DonJunio alle 10:38 del 13 febbraio 2007 ha scritto:

nme e affini

Sinceramente è abbastanza comprensibile tutto il carrozzone guidato dal NME: il brit-pop e i suoi derivati sono da tempo un settore fondamentale dell'economia inglese ( Tony Blair dixit), e ogni parte del sistema fa la sua parte per muovere una tacca, senza contare tradizionali spocchia e sciovinismo degli amici di Albione.

Trovo invece abbastanza risibile, se non vergognoso, il modo in cui certa stampa italiana si accoda agli starnazzi del NME: in particolare giornali tipo Rumore, con redattori che sembrano fatti con lo stampino nell'osannare ogni clamore proveniente da Oltre Manica, nell'usare un linguaggio che ormai dal noto "Fuck forever: esclusivo, parla pete doherty!" sta per virare verso il "Go Monkeys Go"....

Alessandro Pascale, autore, (ha votato 5 questo disco) alle 12:11 del 14 febbraio 2007 ha scritto:

Rispondo

X DonJunio: il problema è proprio questo: ormai brit pop e suoi derivati sembra che siano diventati un fenomeno quasi meccanico, quasi un'industria. Ogni anno spuntano fuori 3-4 band nuove acclamate in maniera scandalosa per album in genere discreti o poco più e che inevitabilmente cadono nell'oblio con un secondo album obbrobrioso.

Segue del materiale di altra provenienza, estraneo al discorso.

Lemma coef_1subX_pprod p u L : (0 < p)%N -> (u < p)%N ->
  ((1 - 'X) ^+ u * pprod p L.+1)`_u = (-1) ^+ u * 'C(u + (p - 1), u)%:R.
Proof.
move=> p0 up; rewrite pprodS mulrA -exprD -coef_1subX.
apply: (@eqmodX_coef u.+1) => //; rewrite -[X in eqmodX _ _ _ X]mulr1.
apply: eqmodXM; first exact: eqmodX_refl.
have := comp_Xn_eqmodX (pprod p L) p0; rewrite coef0_pprod //.
exact: eqmodX_leq.
Qed.

Lemma coef_1subX_pprod_modp2 p u s : prime p -> (0 < u < p)%N -> (0 < s)%N ->
  (p%:Z * p%:Z %| ((1 - 'X) ^+ (u * p ^ s) * pprod p s.+1)`_(u * p ^ s)
                   - (-1) ^+ u * 'C(u + (p - 1), u)%:R)%Z.
Proof.
move=> pp /andP[u0 up]; have p0 := prime_gt0 pp.
case: s => // s _; set w := (u * p ^ s.+1)%N; set q := (p ^ s)%N.
have q0 : (0 < q)%N by rewrite expn_gt0 p0.
have hw : w = (q * (p * u))%N by rewrite /w /q expnS; ring.
(* Modulo p^2, (1 - x)^w = (1 - x^(p^(s+1)))^u + D, where D vanishes modulo p
   and at x = 1; as pprod is 1 / (1 - x) modulo p, D * pprod contributes
   nothing modulo p^2. *)
set D : {poly int} :=
  ((1 - 'X) ^+ (p * u) \Po 'X^q) - ((1 - 'X) ^+ u \Po 'X^(p ^ s.+1)).
have hfrob : (1 - 'X) ^+ w * pprod p s.+2
    = (((1 - 'X) ^+ u \Po 'X^(p ^ s.+1)) + D) * pprod p s.+2
    %[mod p%:Z * p%:Z, 'X^w.+1].
  rewrite /D addrCA subrr addr0; apply: eqmodXM; last exact: eqmodX_refl.
  by rewrite hw; apply: frobenius_sq_iter_1subX; rewrite ?dvdn_mulr.
have hD : D = 0 %[mod p%:Z, 'X^w.+1].
  have -> : D = ((1 - 'X) ^+ (p * u) - ((1 - 'X) ^+ u \Po 'X^p)) \Po 'X^q.
    by rewrite rmorphB /= -comp_polyA comp_Xn_poly -exprM -expnSr.
  rewrite -(comp_poly0 'X^q); apply: eqmodX_comp => //.
  rewrite -(subrr ((1 - 'X) ^+ u \Po 'X^p)); apply: eqmodXB; last exact: eqmodX_refl.
  by rewrite rmorphXn /= comp_1subX exprM; apply: eqmodXX; apply: frobenius_1subX.
have hsD : (size D <= w.+1)%N.
  rewrite (leq_trans (size_polyD _ _)) // geq_max size_polyN.
  apply/andP; split; apply: leq_trans (size_1subX_comp _ _) _ => //.
  by rewrite hw mulnC.
have hD1 : D.[1] = 0.
  by rewrite hornerD hornerN !horner1_1subX_comp ?subrr ?muln_gt0 ?u0 ?p0.
have hDP : (p%:Z * p%:Z %| (D * pprod p s.+2)`_w)%Z.
  apply: dvdz_coef_mul_root1 hsD hD1 hD _ => j hj.
  apply: coef_pprod_modp pp _; rewrite (leq_ltn_trans hj) //.
  by rewrite /w [in X in (_ < X)%N]expnS ltn_pmul2r ?expn_gt0 ?p0.
have := hfrob w (ltnSn w); rewrite mulrDl coefD.
rewrite -[s.+2]add1n coef_comp_pprod // add1n (coef_1subX_pprod 0 p0 up) => h.
by have := rpredD h hDP; rewrite opprD addrA subrK.
Qed.

Lemma pprod_fun_eq p w L T :
  prime p -> (p %| w)%N -> (0 < w)%N -> (T <= p ^ L.+1)%N ->
  (1 - 'X) ^+ w * pprod p L.+1 * (1 - 'X) ^+ ((p - 1) * (w - 1))
    = ((1 - 'X) ^+ w * pprod p L.+1) \Po 'X^p %[mod p%:Z * p%:Z, 'X^T].
Proof.
move=> pp pw w0 hT; have p0 := prime_gt0 pp.
have -> : (1 - 'X) ^+ w * pprod p L.+1 * (1 - 'X) ^+ ((p - 1) * (w - 1))
          = (1 - 'X) ^+ (p * w) * (pprod p L \Po 'X^p).
  have e : (w + (p - 1) + (p - 1) * (w - 1) = p * w)%N by nia.
  by rewrite pprodS -e !exprD; ring.
rewrite rmorphM rmorphXn /= comp_1subX pprodSr rmorphM /=.
apply: eqmodXM; first exact: frobenius_sq_1subX.
rewrite -[X in eqmodX _ _ X _]mulr1; apply: eqmodXM; first exact: eqmodX_refl.
rewrite rmorphXn rmorphB /= rmorph1 comp_Xn_poly -exprM -expnS.
have := eqmodXX (p - 1) (eqmodX_1subXn (p%:Z * p%:Z) hT); rewrite expr1n.
exact: eqmodX_sym.
Qed.

Lemma A_pow_modp2 p u s : prime p -> (0 < u < p)%N -> (0 < s)%N ->
  (p%:Z * p%:Z %| A p ((p - 1) * (u * p ^ s - 1)) (u * p ^ s)
                  - (-1) ^+ u * 'C(u + (p - 1), u)%:R)%Z.
Proof.
move=> pp hu s0; have p0 := prime_gt0 pp; have /andP[u0 up] := hu.
set w := (u * p ^ s)%N.
have hw : (w.+1 <= p ^ s.+1)%N by rewrite /w expnS ltn_pmul2r ?expn_gt0 ?p0.
have w0 : (0 < w)%N by rewrite muln_gt0 u0 expn_gt0 p0.
have pw : (p %| w)%N by rewrite dvdn_mull // dvdn_exp.
have hG0 : ((1 - 'X) ^+ w * pprod p s.+1)`_0 = 1.
  by rewrite coef0M coef0_1subX coef0_pprod // mul1r.
have := A_eqmod (prime_gt1 pp) hG0 (pprod_fun_eq pp pw w0 hw) (ltnSn w).
by move=> /rpredD/(_ (coef_1subX_pprod_modp2 pp hu s0)); rewrite addrA subrK.
Qed.

(** * Valuations *)

Lemma nu_eq1 p a : prime p ->
  (nu p a == 1%N) = (p%:Z %| a)%Z && ~~ (p%:Z * p%:Z %| a)%Z.
Proof.
move=> pp; rewrite /nu; have [-> | a0] := eqVneq a 0.
  by rewrite !dvdz0 /= logn0.
have a0' : (0 < `|a|)%N by rewrite absz_gt0.
rewrite !dvdzE abszM /= mulnn -[X in (X %| _)%N && _]expn1 !pfactor_dvdn //.
by case: logn => [|[|]].
Qed.

Lemma nu_eq1_eqmod p a b : prime p -> (p%:Z * p%:Z %| a - b)%Z ->
  nu p b = 1%N -> nu p a = 1%N.
Proof.
move=> pp hab /eqP; rewrite nu_eq1 // => hb; apply/eqP; rewrite nu_eq1 //.
have hpab : (p%:Z %| a - b)%Z := dvdz_trans (dvdz_mulr _ (dvdzz _)) hab.
by rewrite -(subrK b a) (rpredDl b hpab) (rpredDl b hab).
Qed.

Lemma logn_fact_lt_sq p n : prime p -> (n < p * p)%N -> logn p n`! = (n %/ p)%N.
Proof.
move=> pp hn; rewrite logn_fact //.
case: n hn => [|n] hn; first by rewrite big_geq // div0n.
rewrite big_ltn // expn1 big_nat big1 ?addn0 // => k /andP[hk _].
by rewrite divn_small // (leq_trans hn) // mulnn leq_pexp2l // prime_gt0.
Qed.

Lemma logn_bin_add_pred p u : prime p -> (0 < u < p)%N ->
  logn p 'C(u + (p - 1), u) = 1%N.
Proof.
move=> pp /andP[u0 up]; have p1 := prime_gt1 pp.
have hp2 : (p + p <= p * p)%N by nia.
have := congr1 (logn p) (bin_fact (leq_addr (p - 1) u)).
rewrite addKn !lognM ?muln_gt0 ?fact_gt0 ?bin_gt0 ?leq_addr //.
have hdiv : ((u + (p - 1)) %/ p = 1)%N.
  have -> : (u + (p - 1) = 1 * p + (u - 1))%N by lia.
  by rewrite divnMDl ?divn_small; lia.
by rewrite !logn_fact_lt_sq ?hdiv ?(divn_small up) ?(@divn_small (p - 1)); lia.
Qed.

Lemma nu_A_pow p u s : prime p -> (0 < u < p)%N -> (0 < s)%N ->
  nu p (A p ((p - 1) * (u * p ^ s - 1)) (u * p ^ s)) = 1%N.
Proof.
move=> pp hu s0; apply: (nu_eq1_eqmod pp (A_pow_modp2 pp hu s0)).
by rewrite /nu abszMsign natz absz_nat logn_bin_add_pred.
Qed.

A me sembra che cominci a mancare la genuinità a questo movimento e che ci si stia avviando verso un clima troppo artificiale e ripetitivo, un'industria appunto. Ma la musica dovrebbe essere arte.

Doopcircus sei decisamente troppo inglese impenitente

prologic (ha votato 7 questo disco) alle 21:22 del 9 aprile 2007 ha scritto:

materia inglese

Io trovo che questo album combini con varietà i vocaboli della musica anglo-americana con piacevole naturalezza. Questa è la loro musica. l'hanno inventata loro e la variano all'infinito, come noi abbiamo fatto qualche secolo fa con il concerto barocco o con l'opera lirica (dopo di che non abbiamo inventato più niente)Comunque sempre mille volte del raffazzonato rock nostrano.